Task instructions »
In the records below, find the line with "Definition local_homeo (G" and the line with "[/\ (forall p, fiber_prod"; return exactly those lines and every line between them.

*** Opening Records for this exercise ***

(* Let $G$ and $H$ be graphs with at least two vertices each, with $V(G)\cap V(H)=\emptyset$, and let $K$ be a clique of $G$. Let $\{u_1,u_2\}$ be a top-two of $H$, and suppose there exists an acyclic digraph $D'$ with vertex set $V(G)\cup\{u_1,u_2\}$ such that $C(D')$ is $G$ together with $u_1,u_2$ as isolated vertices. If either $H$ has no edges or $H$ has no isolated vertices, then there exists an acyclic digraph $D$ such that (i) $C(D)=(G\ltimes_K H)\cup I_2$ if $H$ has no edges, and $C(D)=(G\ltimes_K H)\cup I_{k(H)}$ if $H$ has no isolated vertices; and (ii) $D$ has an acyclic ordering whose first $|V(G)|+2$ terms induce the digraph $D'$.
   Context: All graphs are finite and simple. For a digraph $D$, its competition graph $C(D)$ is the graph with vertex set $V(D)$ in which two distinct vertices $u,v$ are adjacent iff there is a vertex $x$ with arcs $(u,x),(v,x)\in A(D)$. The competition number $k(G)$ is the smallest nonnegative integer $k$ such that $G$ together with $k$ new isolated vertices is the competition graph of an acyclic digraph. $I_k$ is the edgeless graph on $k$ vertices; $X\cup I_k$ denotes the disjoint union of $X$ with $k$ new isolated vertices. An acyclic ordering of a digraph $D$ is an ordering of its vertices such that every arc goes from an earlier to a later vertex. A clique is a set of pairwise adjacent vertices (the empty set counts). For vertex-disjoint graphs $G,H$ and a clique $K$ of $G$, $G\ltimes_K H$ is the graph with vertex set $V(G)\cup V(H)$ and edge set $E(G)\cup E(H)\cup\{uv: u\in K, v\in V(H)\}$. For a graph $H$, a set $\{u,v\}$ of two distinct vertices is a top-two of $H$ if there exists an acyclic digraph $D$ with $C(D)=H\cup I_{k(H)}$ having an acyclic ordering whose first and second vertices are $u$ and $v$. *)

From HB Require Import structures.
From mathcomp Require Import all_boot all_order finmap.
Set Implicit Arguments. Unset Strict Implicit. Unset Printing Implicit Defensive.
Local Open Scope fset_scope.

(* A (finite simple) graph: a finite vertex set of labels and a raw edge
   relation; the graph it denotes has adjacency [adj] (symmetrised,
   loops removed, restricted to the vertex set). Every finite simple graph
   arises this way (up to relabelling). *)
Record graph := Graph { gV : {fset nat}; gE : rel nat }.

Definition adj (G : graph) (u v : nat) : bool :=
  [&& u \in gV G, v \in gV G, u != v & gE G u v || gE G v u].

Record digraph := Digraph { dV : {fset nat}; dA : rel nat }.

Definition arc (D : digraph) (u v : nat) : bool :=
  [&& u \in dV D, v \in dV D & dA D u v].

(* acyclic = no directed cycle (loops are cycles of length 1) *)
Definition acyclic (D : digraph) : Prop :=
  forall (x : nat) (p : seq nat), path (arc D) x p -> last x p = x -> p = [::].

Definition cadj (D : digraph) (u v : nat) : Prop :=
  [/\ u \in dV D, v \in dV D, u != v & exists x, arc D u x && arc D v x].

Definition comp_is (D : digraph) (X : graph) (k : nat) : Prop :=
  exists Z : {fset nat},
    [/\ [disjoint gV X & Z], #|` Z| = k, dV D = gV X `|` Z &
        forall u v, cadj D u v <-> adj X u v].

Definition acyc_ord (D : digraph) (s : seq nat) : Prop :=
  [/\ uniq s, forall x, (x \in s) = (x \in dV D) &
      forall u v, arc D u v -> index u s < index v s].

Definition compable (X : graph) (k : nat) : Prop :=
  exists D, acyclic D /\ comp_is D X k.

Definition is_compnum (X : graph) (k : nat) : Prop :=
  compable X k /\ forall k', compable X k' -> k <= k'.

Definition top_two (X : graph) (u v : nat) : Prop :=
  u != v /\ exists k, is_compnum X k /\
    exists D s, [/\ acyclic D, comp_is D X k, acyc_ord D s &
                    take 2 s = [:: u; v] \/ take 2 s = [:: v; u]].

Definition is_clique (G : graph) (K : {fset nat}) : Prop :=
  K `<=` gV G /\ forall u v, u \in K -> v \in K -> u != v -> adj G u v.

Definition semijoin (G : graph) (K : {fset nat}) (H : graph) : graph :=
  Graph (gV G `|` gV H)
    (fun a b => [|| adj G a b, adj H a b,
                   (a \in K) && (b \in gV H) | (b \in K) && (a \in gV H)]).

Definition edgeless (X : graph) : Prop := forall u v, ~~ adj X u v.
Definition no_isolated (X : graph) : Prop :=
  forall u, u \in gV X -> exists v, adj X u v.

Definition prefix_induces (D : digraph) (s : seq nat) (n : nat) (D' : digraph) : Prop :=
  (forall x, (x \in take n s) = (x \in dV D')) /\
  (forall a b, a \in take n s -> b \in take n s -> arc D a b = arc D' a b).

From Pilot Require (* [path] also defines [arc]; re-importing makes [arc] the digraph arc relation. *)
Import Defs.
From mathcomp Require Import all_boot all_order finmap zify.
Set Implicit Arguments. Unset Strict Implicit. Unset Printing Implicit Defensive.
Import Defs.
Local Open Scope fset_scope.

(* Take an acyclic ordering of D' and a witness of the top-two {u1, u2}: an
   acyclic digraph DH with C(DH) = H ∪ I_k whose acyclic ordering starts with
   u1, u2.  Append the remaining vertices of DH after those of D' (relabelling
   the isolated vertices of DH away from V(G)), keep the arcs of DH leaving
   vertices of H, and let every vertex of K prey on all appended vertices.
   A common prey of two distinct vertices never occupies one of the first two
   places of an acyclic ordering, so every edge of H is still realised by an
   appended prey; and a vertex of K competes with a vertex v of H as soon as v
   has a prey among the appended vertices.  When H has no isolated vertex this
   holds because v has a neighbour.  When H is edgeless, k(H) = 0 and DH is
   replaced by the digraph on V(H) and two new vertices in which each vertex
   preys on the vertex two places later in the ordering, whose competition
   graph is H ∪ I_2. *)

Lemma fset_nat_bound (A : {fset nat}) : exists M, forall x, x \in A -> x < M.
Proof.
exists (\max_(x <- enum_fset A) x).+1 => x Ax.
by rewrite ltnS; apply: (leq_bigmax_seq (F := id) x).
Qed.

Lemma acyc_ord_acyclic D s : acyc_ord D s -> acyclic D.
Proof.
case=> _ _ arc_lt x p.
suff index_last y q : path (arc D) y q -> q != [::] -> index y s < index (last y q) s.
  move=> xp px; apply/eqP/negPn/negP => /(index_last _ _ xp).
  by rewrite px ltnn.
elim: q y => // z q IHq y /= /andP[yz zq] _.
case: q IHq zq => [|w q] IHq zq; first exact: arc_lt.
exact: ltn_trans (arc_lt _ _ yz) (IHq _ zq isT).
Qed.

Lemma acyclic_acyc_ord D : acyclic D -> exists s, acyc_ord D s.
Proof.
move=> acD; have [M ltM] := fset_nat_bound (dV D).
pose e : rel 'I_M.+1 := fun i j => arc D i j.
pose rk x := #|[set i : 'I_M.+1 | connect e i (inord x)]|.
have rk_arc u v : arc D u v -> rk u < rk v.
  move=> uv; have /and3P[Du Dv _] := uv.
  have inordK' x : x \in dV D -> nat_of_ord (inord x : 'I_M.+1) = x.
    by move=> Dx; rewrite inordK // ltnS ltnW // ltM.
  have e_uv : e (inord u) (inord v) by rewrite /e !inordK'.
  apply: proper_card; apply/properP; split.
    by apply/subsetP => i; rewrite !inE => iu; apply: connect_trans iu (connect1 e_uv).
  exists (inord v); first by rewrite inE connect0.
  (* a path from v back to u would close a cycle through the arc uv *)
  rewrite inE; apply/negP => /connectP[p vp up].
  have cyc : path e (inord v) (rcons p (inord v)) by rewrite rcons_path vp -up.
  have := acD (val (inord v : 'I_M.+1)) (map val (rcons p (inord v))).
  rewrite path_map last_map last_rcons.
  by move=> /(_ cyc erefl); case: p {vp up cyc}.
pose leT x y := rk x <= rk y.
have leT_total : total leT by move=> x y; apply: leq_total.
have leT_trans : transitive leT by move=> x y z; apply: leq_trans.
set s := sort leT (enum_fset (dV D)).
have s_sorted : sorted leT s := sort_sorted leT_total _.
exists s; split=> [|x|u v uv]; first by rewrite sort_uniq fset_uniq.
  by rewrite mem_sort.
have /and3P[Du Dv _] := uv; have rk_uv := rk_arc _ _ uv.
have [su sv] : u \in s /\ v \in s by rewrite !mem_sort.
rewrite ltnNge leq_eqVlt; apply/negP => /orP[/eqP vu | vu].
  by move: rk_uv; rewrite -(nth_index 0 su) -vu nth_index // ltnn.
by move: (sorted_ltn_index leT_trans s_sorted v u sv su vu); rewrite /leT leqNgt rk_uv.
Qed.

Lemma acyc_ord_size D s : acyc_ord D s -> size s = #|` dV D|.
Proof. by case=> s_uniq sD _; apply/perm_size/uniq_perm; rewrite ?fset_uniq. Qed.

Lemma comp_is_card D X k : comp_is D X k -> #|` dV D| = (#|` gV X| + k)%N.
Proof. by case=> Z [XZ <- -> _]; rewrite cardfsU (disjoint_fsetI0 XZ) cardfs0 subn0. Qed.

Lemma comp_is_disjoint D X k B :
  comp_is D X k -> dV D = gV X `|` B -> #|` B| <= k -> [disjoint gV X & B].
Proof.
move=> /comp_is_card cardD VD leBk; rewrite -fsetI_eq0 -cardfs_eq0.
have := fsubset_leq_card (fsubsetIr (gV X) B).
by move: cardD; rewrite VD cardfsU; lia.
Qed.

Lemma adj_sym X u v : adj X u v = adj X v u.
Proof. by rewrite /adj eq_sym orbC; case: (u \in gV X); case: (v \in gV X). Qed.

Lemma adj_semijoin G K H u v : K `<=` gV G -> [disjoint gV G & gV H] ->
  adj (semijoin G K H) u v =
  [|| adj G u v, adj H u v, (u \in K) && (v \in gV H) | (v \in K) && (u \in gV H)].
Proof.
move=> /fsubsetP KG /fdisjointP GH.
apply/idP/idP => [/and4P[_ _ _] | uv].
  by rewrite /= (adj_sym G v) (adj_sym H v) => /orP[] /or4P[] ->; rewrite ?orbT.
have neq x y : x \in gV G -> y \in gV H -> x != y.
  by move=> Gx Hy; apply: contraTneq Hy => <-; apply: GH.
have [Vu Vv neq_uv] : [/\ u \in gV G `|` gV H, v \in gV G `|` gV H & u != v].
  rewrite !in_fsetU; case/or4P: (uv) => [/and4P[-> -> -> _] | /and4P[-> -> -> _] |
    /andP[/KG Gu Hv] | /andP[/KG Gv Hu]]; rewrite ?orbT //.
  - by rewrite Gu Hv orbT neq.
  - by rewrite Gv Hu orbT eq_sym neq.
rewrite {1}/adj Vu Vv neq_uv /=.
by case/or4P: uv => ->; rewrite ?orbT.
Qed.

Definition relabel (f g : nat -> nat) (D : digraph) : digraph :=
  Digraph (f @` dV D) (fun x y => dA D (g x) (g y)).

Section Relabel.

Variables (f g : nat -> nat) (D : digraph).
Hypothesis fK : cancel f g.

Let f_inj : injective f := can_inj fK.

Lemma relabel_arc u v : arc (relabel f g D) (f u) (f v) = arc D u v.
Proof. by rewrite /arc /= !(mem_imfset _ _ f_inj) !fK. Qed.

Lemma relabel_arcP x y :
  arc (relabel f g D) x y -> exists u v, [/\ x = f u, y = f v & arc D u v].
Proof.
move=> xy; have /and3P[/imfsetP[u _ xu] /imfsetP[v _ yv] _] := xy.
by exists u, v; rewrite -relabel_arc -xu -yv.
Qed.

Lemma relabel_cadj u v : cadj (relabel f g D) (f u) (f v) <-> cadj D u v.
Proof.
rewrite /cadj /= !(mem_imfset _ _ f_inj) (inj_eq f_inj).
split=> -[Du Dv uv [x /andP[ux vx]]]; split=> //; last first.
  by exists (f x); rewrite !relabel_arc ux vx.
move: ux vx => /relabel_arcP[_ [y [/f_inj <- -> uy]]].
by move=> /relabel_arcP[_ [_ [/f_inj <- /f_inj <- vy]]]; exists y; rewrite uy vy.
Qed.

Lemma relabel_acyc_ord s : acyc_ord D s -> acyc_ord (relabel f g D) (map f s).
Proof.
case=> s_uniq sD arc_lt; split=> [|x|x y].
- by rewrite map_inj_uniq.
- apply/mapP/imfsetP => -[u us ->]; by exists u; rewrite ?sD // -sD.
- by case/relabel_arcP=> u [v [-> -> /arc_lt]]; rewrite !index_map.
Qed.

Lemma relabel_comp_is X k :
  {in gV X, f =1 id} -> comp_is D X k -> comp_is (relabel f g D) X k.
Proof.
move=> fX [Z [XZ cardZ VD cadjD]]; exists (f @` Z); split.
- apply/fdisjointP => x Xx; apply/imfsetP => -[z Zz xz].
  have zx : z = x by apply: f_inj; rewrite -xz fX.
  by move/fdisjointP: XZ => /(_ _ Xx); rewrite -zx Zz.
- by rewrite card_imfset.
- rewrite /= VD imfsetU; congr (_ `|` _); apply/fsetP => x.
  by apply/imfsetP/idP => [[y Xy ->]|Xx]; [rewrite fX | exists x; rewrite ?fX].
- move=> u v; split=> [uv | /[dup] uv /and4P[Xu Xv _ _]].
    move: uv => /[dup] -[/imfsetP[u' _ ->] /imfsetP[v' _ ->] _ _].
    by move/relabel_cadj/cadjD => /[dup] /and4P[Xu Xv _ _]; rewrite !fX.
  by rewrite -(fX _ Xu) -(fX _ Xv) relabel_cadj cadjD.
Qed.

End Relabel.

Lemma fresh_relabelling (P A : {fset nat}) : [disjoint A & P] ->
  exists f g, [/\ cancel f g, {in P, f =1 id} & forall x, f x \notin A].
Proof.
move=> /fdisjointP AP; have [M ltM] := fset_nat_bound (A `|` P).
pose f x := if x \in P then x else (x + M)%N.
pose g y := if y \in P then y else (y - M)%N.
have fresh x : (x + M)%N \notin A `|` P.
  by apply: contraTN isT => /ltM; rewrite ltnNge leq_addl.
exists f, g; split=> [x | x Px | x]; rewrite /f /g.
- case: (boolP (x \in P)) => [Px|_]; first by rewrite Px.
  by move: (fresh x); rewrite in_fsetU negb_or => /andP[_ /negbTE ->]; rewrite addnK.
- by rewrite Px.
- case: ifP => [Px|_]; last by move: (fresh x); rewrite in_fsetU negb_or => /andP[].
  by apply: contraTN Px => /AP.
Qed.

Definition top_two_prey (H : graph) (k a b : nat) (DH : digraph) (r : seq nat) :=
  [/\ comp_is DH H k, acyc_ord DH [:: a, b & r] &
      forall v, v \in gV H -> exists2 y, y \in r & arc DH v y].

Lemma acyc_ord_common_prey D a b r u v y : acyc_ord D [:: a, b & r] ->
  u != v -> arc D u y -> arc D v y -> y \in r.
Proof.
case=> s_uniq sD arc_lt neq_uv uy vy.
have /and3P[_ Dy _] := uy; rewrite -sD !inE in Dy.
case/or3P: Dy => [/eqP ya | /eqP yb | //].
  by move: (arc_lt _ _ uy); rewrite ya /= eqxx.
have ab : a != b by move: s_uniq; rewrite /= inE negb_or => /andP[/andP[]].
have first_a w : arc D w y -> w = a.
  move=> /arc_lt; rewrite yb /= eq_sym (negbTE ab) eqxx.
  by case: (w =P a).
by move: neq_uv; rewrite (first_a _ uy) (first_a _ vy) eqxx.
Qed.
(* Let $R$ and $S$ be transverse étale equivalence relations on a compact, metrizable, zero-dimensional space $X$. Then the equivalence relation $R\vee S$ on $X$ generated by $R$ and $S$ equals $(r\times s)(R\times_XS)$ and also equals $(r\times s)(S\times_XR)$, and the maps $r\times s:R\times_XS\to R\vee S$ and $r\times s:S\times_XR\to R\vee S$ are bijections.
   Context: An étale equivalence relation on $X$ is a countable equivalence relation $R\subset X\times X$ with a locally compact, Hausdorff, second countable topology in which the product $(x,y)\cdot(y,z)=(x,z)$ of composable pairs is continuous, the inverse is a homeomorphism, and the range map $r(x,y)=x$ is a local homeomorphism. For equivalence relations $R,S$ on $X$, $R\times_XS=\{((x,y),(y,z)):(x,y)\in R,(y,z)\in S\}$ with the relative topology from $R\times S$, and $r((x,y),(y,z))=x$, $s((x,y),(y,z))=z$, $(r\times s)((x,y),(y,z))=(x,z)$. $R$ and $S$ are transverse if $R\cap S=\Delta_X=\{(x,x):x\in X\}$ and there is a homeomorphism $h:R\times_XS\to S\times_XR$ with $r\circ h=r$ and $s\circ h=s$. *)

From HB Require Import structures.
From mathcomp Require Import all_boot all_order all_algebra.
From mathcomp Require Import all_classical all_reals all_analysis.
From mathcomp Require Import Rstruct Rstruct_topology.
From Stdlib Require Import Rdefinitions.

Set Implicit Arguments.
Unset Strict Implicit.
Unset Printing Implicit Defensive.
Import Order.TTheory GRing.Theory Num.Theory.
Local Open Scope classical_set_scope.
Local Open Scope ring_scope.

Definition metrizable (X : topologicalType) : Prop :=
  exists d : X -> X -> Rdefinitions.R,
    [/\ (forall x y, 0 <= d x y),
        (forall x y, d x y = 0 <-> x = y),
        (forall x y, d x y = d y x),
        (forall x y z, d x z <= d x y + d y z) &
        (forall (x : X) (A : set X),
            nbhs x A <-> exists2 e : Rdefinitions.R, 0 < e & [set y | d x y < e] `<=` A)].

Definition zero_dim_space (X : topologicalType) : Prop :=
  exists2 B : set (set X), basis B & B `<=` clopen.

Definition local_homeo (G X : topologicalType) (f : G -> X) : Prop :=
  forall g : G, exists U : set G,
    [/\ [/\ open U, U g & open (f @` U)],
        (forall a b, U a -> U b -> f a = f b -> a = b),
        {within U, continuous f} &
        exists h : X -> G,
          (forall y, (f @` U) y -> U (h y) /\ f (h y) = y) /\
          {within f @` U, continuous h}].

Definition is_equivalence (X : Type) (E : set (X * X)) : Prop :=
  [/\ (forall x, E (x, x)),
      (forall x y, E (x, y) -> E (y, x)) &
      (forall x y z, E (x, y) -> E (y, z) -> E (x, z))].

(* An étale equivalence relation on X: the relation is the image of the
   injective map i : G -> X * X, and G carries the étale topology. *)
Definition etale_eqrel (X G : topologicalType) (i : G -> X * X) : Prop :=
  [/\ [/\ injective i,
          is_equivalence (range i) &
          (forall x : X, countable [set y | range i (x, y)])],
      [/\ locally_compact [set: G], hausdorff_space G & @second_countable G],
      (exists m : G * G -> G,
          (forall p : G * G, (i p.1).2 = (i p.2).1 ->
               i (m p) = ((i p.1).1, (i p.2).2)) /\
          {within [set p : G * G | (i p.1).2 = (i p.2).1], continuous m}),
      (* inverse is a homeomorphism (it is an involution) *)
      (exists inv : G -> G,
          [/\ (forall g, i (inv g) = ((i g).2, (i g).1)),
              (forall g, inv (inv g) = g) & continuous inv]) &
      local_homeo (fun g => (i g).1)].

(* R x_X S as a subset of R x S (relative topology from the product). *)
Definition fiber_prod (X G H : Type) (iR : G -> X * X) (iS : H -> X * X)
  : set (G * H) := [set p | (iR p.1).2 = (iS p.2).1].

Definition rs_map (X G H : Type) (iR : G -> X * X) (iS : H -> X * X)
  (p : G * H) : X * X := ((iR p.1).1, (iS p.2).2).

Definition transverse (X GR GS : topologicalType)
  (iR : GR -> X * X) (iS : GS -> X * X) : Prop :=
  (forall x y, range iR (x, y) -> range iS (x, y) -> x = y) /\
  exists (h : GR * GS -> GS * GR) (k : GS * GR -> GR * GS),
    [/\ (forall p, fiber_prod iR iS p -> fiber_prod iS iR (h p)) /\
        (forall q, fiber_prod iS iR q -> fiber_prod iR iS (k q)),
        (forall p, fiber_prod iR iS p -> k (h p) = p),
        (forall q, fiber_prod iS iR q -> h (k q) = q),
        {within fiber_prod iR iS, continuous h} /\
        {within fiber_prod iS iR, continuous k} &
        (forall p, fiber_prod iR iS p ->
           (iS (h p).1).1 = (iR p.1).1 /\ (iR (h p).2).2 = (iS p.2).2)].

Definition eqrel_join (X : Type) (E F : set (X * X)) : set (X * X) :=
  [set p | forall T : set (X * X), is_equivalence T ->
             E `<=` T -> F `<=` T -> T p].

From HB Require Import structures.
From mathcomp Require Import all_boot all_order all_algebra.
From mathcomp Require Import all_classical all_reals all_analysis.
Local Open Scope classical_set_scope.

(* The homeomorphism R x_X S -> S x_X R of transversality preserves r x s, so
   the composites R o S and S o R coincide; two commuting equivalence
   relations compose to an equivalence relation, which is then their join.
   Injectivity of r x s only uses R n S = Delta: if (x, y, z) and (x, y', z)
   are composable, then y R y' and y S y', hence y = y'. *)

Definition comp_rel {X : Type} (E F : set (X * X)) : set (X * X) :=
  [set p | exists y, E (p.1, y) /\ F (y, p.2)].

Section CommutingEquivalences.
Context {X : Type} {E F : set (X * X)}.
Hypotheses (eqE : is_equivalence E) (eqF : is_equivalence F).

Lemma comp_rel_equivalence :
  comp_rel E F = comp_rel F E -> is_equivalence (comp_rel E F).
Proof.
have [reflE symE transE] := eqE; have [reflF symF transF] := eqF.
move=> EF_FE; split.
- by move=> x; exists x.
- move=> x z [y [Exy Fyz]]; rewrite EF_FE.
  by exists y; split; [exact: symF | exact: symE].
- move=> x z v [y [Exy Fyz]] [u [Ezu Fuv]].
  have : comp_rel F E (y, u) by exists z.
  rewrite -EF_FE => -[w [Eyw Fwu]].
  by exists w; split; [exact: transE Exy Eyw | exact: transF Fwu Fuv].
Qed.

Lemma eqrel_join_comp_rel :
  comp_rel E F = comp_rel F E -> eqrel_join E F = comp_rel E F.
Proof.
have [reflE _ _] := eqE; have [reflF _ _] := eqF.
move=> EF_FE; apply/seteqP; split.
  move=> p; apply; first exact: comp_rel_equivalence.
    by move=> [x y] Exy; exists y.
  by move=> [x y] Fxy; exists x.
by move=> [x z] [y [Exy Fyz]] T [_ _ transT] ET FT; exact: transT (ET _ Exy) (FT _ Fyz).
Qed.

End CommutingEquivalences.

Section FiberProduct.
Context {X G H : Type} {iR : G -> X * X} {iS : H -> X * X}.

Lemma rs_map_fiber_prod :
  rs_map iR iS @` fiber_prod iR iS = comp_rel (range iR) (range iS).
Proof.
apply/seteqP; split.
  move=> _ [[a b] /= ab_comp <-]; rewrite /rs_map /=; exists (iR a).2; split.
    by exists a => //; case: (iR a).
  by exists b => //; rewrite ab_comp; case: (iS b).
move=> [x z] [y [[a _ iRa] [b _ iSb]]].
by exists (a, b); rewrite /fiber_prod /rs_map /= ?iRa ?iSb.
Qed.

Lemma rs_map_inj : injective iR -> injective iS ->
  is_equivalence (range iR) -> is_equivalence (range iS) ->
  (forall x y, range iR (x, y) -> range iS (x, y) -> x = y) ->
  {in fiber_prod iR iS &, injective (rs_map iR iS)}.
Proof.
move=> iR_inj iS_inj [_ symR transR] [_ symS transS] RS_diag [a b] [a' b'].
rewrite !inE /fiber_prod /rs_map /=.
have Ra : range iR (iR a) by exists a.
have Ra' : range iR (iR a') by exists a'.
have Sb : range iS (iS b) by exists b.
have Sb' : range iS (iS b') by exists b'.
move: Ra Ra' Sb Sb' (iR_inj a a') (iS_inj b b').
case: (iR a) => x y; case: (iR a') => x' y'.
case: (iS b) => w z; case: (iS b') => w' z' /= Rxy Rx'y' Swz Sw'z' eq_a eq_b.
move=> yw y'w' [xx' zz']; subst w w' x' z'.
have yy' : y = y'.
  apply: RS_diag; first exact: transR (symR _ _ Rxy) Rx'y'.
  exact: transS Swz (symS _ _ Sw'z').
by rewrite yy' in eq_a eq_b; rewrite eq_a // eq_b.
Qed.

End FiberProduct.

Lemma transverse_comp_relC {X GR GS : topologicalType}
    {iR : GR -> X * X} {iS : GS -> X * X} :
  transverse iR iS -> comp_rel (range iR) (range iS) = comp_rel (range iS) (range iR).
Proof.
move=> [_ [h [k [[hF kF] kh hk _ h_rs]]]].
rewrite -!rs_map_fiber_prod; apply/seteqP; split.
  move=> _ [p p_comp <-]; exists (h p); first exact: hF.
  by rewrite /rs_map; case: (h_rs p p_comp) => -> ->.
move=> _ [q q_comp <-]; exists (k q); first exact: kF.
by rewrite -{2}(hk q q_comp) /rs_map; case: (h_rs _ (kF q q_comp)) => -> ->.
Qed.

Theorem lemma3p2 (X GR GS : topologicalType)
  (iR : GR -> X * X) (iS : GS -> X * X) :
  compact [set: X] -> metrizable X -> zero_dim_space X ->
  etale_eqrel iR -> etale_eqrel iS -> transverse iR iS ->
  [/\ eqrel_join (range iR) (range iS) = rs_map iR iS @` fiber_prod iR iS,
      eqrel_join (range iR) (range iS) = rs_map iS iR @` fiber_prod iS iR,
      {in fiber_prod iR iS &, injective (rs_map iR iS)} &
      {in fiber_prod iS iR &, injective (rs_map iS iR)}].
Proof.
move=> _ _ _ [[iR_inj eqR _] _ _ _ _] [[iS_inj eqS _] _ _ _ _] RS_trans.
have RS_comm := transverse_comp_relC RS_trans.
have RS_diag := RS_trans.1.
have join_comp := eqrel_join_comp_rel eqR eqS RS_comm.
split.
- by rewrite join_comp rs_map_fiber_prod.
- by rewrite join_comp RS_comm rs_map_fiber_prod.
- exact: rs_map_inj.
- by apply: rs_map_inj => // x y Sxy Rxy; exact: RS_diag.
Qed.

*** Closing Records for this exercise ***

Solution »
Definition local_homeo (G X : topologicalType) (f : G -> X) : Prop :=
  forall g : G, exists U : set G,
    [/\ [/\ open U, U g & open (f @` U)],
        (forall a b, U a -> U b -> f a = f b -> a = b),
        {within U, continuous f} &
        exists h : X -> G,
          (forall y, (f @` U) y -> U (h y) /\ f (h y) = y) /\
          {within f @` U, continuous h}].

Definition is_equivalence (X : Type) (E : set (X * X)) : Prop :=
  [/\ (forall x, E (x, x)),
      (forall x y, E (x, y) -> E (y, x)) &
      (forall x y z, E (x, y) -> E (y, z) -> E (x, z))].

(* An étale equivalence relation on X: the relation is the image of the
   injective map i : G -> X * X, and G carries the étale topology. *)
Definition etale_eqrel (X G : topologicalType) (i : G -> X * X) : Prop :=
  [/\ [/\ injective i,
          is_equivalence (range i) &
          (forall x : X, countable [set y | range i (x, y)])],
      [/\ locally_compact [set: G], hausdorff_space G & @second_countable G],
      (exists m : G * G -> G,
          (forall p : G * G, (i p.1).2 = (i p.2).1 ->
               i (m p) = ((i p.1).1, (i p.2).2)) /\
          {within [set p : G * G | (i p.1).2 = (i p.2).1], continuous m}),
      (* inverse is a homeomorphism (it is an involution) *)
      (exists inv : G -> G,
          [/\ (forall g, i (inv g) = ((i g).2, (i g).1)),
              (forall g, inv (inv g) = g) & continuous inv]) &
      local_homeo (fun g => (i g).1)].

(* R x_X S as a subset of R x S (relative topology from the product). *)
Definition fiber_prod (X G H : Type) (iR : G -> X * X) (iS : H -> X * X)
  : set (G * H) := [set p | (iR p.1).2 = (iS p.2).1].

Definition rs_map (X G H : Type) (iR : G -> X * X) (iS : H -> X * X)
  (p : G * H) : X * X := ((iR p.1).1, (iS p.2).2).

Definition transverse (X GR GS : topologicalType)
  (iR : GR -> X * X) (iS : GS -> X * X) : Prop :=
  (forall x y, range iR (x, y) -> range iS (x, y) -> x = y) /\
  exists (h : GR * GS -> GS * GR) (k : GS * GR -> GR * GS),
    [/\ (forall p, fiber_prod iR iS p -> fiber_prod iS iR (h p)) /\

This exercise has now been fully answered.